*Task item*
Only the lines from the top of the data through the line with "destruct (filter (fun" should be repeated, each exactly as written.

Collected data entries
Lemma edge_in_some_face F i :
  edge_incidence F i <> 0%nat -> exists f, In f F /\ In i (face_edges f).
Proof.
  induction F as [|f G IH]; intros H; [exfalso; apply H; reflexivity|].
  unfold edge_incidence in H. simpl in H. fold (edge_incidence G i) in H.
  destruct (filter (fun e => Nat.eqb e i) (face_edges f)) as [|e l] eqn:Ef.
  - destruct (IH H) as [g [Hg Hi]]. exists g. split; [right|]; assumption.
  - exists f. split; [left; reflexivity|].
    assert (He : In e (filter (fun e => Nat.eqb e i) (face_edges f)))
      by (rewrite Ef; left; reflexivity).
    apply filter_In in He. destruct He as [He Hei]. apply Nat.eqb_eq in Hei. subst. exact He.
Qed.

(* The ratio [u / ubar] on a face is read off its first edge; faces sharing an edge
   have the same ratio, so it is constant along the connected adjacency graph. *)
Lemma proportional_of_connected m F (u ubar : nat -> R) :
  faces_in_range m F -> F <> nil ->
  (forall k, (k < m)%nat -> 0 < ubar k) ->
  (forall x y, (x < length F)%nat -> (y < length F)%nat ->
     Relation_Operators.clos_refl_trans nat (faces_adjacent F) x y) ->
  (forall i, (i < m)%nat -> exists f, In f F /\ In i (face_edges f)) ->
  (forall f, In f F -> exists r, forall e, In e (face_edges f) -> u e = r * ubar e) ->
  exists r, forall i, (i < m)%nat -> u i = r * ubar i.
Proof.
  intros HF Hne Hpos Hconn Hcov Hprop.
  set (d := (0, 0, 0)%nat : face).
  set (first_edge := fun f : face => let '(a, _, _) := f in a).
  set (ratio := fun x => u (first_edge (nth x F d)) / ubar (first_edge (nth x F d))).
  assert (Hrange : forall f e, In f F -> In e (face_edges f) -> (e < m)%nat).
  { intros [[a b] c] e Hin He. destruct (HF a b c Hin) as (ha & hb & hc).
    destruct He as [<- | [<- | [<- | []]]]; assumption. }
  assert (Hratio : forall x e, (x < length F)%nat -> In e (face_edges (nth x F d)) ->
                     u e = ratio x * ubar e).
  { intros x e hx He. assert (Hin : In (nth x F d) F) by (apply nth_In; exact hx).
    destruct (Hprop _ Hin) as [r Hr].
    assert (H1 : In (first_edge (nth x F d)) (face_edges (nth x F d)))
      by (destruct (nth x F d) as [[a b] c]; left; reflexivity).
    assert (p1 := Hpos _ (Hrange _ _ Hin H1)).
    unfold ratio. rewrite (Hr _ H1), (Hr e He). field. lra. }
  assert (Hadj : forall x y, Relation_Operators.clos_refl_trans nat (faces_adjacent F) x y ->
                   ratio x = ratio y).
  { intros x y Hc. induction Hc as [x y (hx & hy & e & He1 & He2) | x | x y z _ IH1 _ IH2].
    - assert (pe := Hpos _ (Hrange _ _ (nth_In F d hx) He1)).
      assert (E1 := Hratio x e hx He1). assert (E2 := Hratio y e hy He2).
      apply Rmult_eq_reg_r with (ubar e); lra.
    - reflexivity.
    - congruence. }
  assert (hF0 : (0 < length F)%nat) by (destruct F; [congruence | simpl; lia]).
  exists (ratio 0%nat). intros i hi. destruct (Hcov i hi) as [f [Hf Hi]].
  destruct (In_nth F f d Hf) as [x [hx Ex]].
  rewrite (Hadj 0%nat x (Hconn 0%nat x hF0 hx)). apply Hratio; [exact hx|]. rewrite Ex. exact Hi.
Qed.

Section CriticalPoint.
Variables (m : nat) (F : list face) (wbar ubar : nat -> R).
Hypothesis HF : faces_in_range m F.
Hypothesis Hadm : forall f, In f F -> admissible_face ubar f.
Hypothesis Hw : forall i, (i < m)%nat -> cot_weight F ubar i = wbar i.

Lemma energy_eq_sum_area_defect v :
  energy m F wbar v = sum_over F (fun f => face_area_diff ubar v f - face_area v f).
Proof.
  assert (E := energy_diff_eq m F wbar HF ubar v Hadm).
  rewrite (sumR_ext _ _ (fun _ => 0)) in E by (intros i hi; rewrite Hw by exact hi; ring).
  rewrite sumR_zero in E.
  unfold energy_diff in E. unfold energy. rewrite sum_over_minus. lra.
Qed.

Lemma energy_critical_point : energy m F wbar ubar = 0.
Proof.
  rewrite energy_eq_sum_area_defect.
  rewrite (sum_over_ext F _ (fun _ => 0)); [apply sum_over_const0|].
  intros f Hin. rewrite face_area_diff_self by auto. ring.
Qed.

Lemma energy_nonpos_proportional u : (forall f, In f F -> admissible_face u f) ->
  energy m F wbar u <= 0 ->
  forall f, In f F -> exists r, forall e, In e (face_edges f) -> u e = r * ubar e.
Proof.
  intros Hu Hle f Hin. rewrite energy_eq_sum_area_defect in Hle.
  assert (Hdef : forall g, In g F -> 0 <= face_area_diff ubar u g - face_area u g).
  { intros g Hg. pose proof (face_area_le_diff ubar u g (Hadm g Hg) (Hu g Hg)). lra. }
  assert (Z := sum_over_nonneg_eq0 F _ Hdef Hle f Hin).
  apply face_area_eq_diff; auto. lra.
Qed.

End CriticalPoint.

Lemma energy_strict_min m F wbar ubar u :
  triangulated_surface m F -> in_Omega m F ubar ->
  (forall i, (i < m)%nat -> cot_weight F ubar i = wbar i) ->
  in_Omega m F u -> (exists i, (i < m)%nat /\ u i <> ubar i) ->
  energy m F wbar ubar < energy m F wbar u.
Proof.
  intros HS Hb Hw Hu [i0 [hi0 Hne]].
  assert (HF := faces_in_range_of_surface m F HS).
  destruct HS as (HFne & _ & Hinc & Hconn).
  assert (Hbadm := admissible_of_Omega m F HF ubar Hb).
  rewrite (energy_critical_point m F wbar ubar HF Hbadm Hw).
  destruct (Rlt_or_le 0 (energy m F wbar u)) as [Hlt | Hle]; [exact Hlt | exfalso].
  assert (Hcov : forall i, (i < m)%nat -> exists f, In f F /\ In i (face_edges f)).
  { intros i hi. apply edge_in_some_face. destruct (Hinc i hi) as [E | E]; rewrite E; lia. }
  destruct Hb as [Hbpos [Hbsum _]].
  destruct (proportional_of_connected m F u ubar HF HFne Hbpos Hconn Hcov
              (energy_nonpos_proportional m F wbar ubar HF Hbadm Hw u
                 (admissible_of_Omega m F HF u Hu) Hle)) as [r Hr].
  assert (Hr1 : r = 1).
  { destruct Hu as [_ [Husum _]].
    assert (hm : 0 < INR m) by (apply lt_0_INR; lia).
    rewrite (sumR_ext _ _ (fun i => r * ubar i)), sumR_scal, Hbsum in Husum by exact Hr.
    apply Rmult_eq_reg_r with (INR m); lra. }
  apply Hne. rewrite Hr, Hr1 by exact hi0. ring.
Qed.

Theorem theorem5 (m : nat) (F : list face) (wbar ubar : nat -> R)
  (HS : triangulated_surface m F)
  (Hubar : in_Omega m F ubar)
  (Hw : forall i, (i < m)%nat -> cot_weight F ubar i = wbar i) :
  let omega := fun (mu : nat -> R) (i : nat) => wbar i - cot_weight F mu i in
  (forall u, in_Omega m F u ->
     exists I, pw_path_integral m (in_Omega m F) omega ones u I) /\
  (forall u I J,
     pw_path_integral m (in_Omega m F) omega ones u I ->
     pw_path_integral m (in_Omega m F) omega ones u J -> I = J) /\
  (forall u I J, in_Omega m F u -> (exists i, (i < m)%nat /\ u i <> ubar i) ->
     pw_path_integral m (in_Omega m F) omega ones ubar I ->
     pw_path_integral m (in_Omega m F) omega ones u J -> I < J).
Proof.
  intros omega. assert (HF := faces_in_range_of_surface m F HS).
  assert (Hval := path_integral_energy m F wbar HF).
  split; [|split].
  - intros u Hu. eexists. apply path_integral_segment; auto using ones_in_Omega.
  - intros u I J HI HJ. rewrite (Hval _ _ _ HI), (Hval _ _ _ HJ). reflexivity.
  - intros u I J Hu Hne HI HJ. rewrite (Hval _ _ _ HI), (Hval _ _ _ HJ).
    pose proof (energy_strict_min m F wbar ubar u HS Hubar Hw Hu Hne). lra.
Qed.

*Answer to this task*
Lemma edge_in_some_face F i :
  edge_incidence F i <> 0%nat -> exists f, In f F /\ In i (face_edges f).
Proof.
  induction F as [|f G IH]; intros H; [exfalso; apply H; reflexivity|].
  unfold edge_incidence in H. simpl in H. fold (edge_incidence G i) in H.
  destruct (filter (fun e => Nat.eqb e i) (face_edges f)) as [|e l] eqn:Ef.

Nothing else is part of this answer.